» WORK REQUIRED
Reproduce precisely the lines of the listing below, starting with the line that contains "let the closed" and stopping after the line that contains "and 1 at (q,p): the"; include nothing else.

═════ RAW DATA ═════

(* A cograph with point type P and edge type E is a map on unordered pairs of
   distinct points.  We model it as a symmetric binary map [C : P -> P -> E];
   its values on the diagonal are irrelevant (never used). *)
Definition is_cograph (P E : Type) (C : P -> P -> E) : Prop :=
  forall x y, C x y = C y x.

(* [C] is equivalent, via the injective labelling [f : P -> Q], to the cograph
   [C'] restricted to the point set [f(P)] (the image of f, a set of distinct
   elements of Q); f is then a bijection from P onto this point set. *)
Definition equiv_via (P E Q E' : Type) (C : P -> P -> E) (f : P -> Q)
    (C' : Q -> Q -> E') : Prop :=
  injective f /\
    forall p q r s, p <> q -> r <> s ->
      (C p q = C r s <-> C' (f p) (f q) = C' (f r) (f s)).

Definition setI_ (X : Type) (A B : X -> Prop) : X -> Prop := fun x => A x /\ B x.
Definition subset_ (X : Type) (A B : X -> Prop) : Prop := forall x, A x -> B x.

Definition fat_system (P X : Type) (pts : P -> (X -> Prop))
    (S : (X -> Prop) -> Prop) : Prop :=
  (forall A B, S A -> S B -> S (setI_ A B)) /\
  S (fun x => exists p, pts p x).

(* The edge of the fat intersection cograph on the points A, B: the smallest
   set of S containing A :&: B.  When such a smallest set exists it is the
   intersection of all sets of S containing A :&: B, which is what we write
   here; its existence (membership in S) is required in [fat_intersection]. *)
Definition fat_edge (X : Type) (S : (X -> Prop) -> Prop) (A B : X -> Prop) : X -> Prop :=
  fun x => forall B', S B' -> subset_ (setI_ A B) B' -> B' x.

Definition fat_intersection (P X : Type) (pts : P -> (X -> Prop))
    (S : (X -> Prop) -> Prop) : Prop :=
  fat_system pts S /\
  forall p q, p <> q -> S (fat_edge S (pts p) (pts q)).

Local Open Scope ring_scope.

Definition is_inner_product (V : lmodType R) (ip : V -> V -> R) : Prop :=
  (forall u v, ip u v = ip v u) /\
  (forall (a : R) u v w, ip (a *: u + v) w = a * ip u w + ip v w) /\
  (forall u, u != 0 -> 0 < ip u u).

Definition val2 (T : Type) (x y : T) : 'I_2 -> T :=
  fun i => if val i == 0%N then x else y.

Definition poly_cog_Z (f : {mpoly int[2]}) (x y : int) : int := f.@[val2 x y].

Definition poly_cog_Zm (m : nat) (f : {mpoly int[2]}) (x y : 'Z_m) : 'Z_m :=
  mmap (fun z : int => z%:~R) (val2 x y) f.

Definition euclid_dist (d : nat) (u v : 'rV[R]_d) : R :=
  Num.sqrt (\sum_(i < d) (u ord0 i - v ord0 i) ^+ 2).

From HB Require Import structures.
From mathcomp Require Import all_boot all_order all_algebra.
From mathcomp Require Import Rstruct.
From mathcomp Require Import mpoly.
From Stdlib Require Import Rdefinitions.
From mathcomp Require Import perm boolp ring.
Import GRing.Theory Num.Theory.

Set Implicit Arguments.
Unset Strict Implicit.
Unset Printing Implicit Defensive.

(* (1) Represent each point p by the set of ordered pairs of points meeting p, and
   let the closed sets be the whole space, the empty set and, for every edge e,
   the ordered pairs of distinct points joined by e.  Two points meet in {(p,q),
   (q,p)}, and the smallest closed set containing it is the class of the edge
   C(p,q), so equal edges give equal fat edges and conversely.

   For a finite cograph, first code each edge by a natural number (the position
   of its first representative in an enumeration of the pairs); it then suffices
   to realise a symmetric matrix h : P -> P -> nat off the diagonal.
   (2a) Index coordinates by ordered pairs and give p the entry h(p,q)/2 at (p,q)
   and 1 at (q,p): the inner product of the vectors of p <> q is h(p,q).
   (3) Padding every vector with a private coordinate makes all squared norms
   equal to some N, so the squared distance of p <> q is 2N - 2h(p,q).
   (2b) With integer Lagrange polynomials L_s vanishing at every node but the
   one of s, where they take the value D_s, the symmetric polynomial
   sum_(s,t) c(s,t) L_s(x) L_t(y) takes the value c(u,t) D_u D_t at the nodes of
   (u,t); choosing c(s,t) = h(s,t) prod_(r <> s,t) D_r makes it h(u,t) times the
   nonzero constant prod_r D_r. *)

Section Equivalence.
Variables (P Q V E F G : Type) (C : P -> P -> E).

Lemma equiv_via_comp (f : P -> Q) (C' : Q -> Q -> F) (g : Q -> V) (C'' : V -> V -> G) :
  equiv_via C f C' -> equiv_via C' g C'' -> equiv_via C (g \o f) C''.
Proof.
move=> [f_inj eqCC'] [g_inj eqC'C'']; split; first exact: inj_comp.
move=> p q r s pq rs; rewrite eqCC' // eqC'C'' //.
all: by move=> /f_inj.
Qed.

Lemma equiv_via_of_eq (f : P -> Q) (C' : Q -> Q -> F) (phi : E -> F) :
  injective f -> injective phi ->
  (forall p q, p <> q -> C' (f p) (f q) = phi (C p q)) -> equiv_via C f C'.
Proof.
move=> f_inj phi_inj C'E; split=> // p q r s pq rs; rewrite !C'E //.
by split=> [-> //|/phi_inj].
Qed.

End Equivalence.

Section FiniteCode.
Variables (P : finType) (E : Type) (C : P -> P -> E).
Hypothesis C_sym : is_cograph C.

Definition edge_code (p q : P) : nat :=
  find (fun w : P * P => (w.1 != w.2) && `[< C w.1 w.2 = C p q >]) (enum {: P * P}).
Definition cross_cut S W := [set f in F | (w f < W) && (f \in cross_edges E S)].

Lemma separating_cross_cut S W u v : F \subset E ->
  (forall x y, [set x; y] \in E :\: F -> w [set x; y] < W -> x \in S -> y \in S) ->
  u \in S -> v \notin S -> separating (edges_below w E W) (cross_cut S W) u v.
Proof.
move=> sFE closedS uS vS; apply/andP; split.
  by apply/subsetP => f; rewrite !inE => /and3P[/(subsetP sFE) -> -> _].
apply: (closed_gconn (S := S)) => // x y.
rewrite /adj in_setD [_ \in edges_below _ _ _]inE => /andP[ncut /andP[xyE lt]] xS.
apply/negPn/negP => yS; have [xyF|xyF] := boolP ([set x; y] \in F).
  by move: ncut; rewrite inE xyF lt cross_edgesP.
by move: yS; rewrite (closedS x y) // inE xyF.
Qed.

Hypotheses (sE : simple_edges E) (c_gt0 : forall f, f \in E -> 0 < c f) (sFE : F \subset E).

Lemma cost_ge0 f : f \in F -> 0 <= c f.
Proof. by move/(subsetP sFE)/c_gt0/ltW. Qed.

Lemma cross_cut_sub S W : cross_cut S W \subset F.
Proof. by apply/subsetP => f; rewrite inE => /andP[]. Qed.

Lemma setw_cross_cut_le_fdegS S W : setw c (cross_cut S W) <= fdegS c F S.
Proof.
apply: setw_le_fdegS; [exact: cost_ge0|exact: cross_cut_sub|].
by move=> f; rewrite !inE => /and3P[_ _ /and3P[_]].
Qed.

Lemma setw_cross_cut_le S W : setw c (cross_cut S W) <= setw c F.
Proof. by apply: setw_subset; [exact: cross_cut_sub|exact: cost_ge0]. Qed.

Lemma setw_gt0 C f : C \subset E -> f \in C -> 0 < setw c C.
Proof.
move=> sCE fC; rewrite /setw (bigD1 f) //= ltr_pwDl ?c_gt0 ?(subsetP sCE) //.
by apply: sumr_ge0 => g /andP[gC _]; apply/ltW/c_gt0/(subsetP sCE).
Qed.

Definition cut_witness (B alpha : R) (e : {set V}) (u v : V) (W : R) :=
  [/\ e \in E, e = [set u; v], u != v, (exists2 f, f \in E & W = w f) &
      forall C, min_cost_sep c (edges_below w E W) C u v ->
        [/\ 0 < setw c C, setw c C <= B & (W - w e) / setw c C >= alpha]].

═════

» SOLUTION FOR THIS EXERCISE
   let the closed sets be the whole space, the empty set and, for every edge e,
   the ordered pairs of distinct points joined by e.  Two points meet in {(p,q),
   (q,p)}, and the smallest closed set containing it is the class of the edge
   C(p,q), so equal edges give equal fat edges and conversely.

   For a finite cograph, first code each edge by a natural number (the position
   of its first representative in an enumeration of the pairs); it then suffices
   to realise a symmetric matrix h : P -> P -> nat off the diagonal.
   (2a) Index coordinates by ordered pairs and give p the entry h(p,q)/2 at (p,q)
   and 1 at (q,p): the inner product of the vectors of p <> q is h(p,q).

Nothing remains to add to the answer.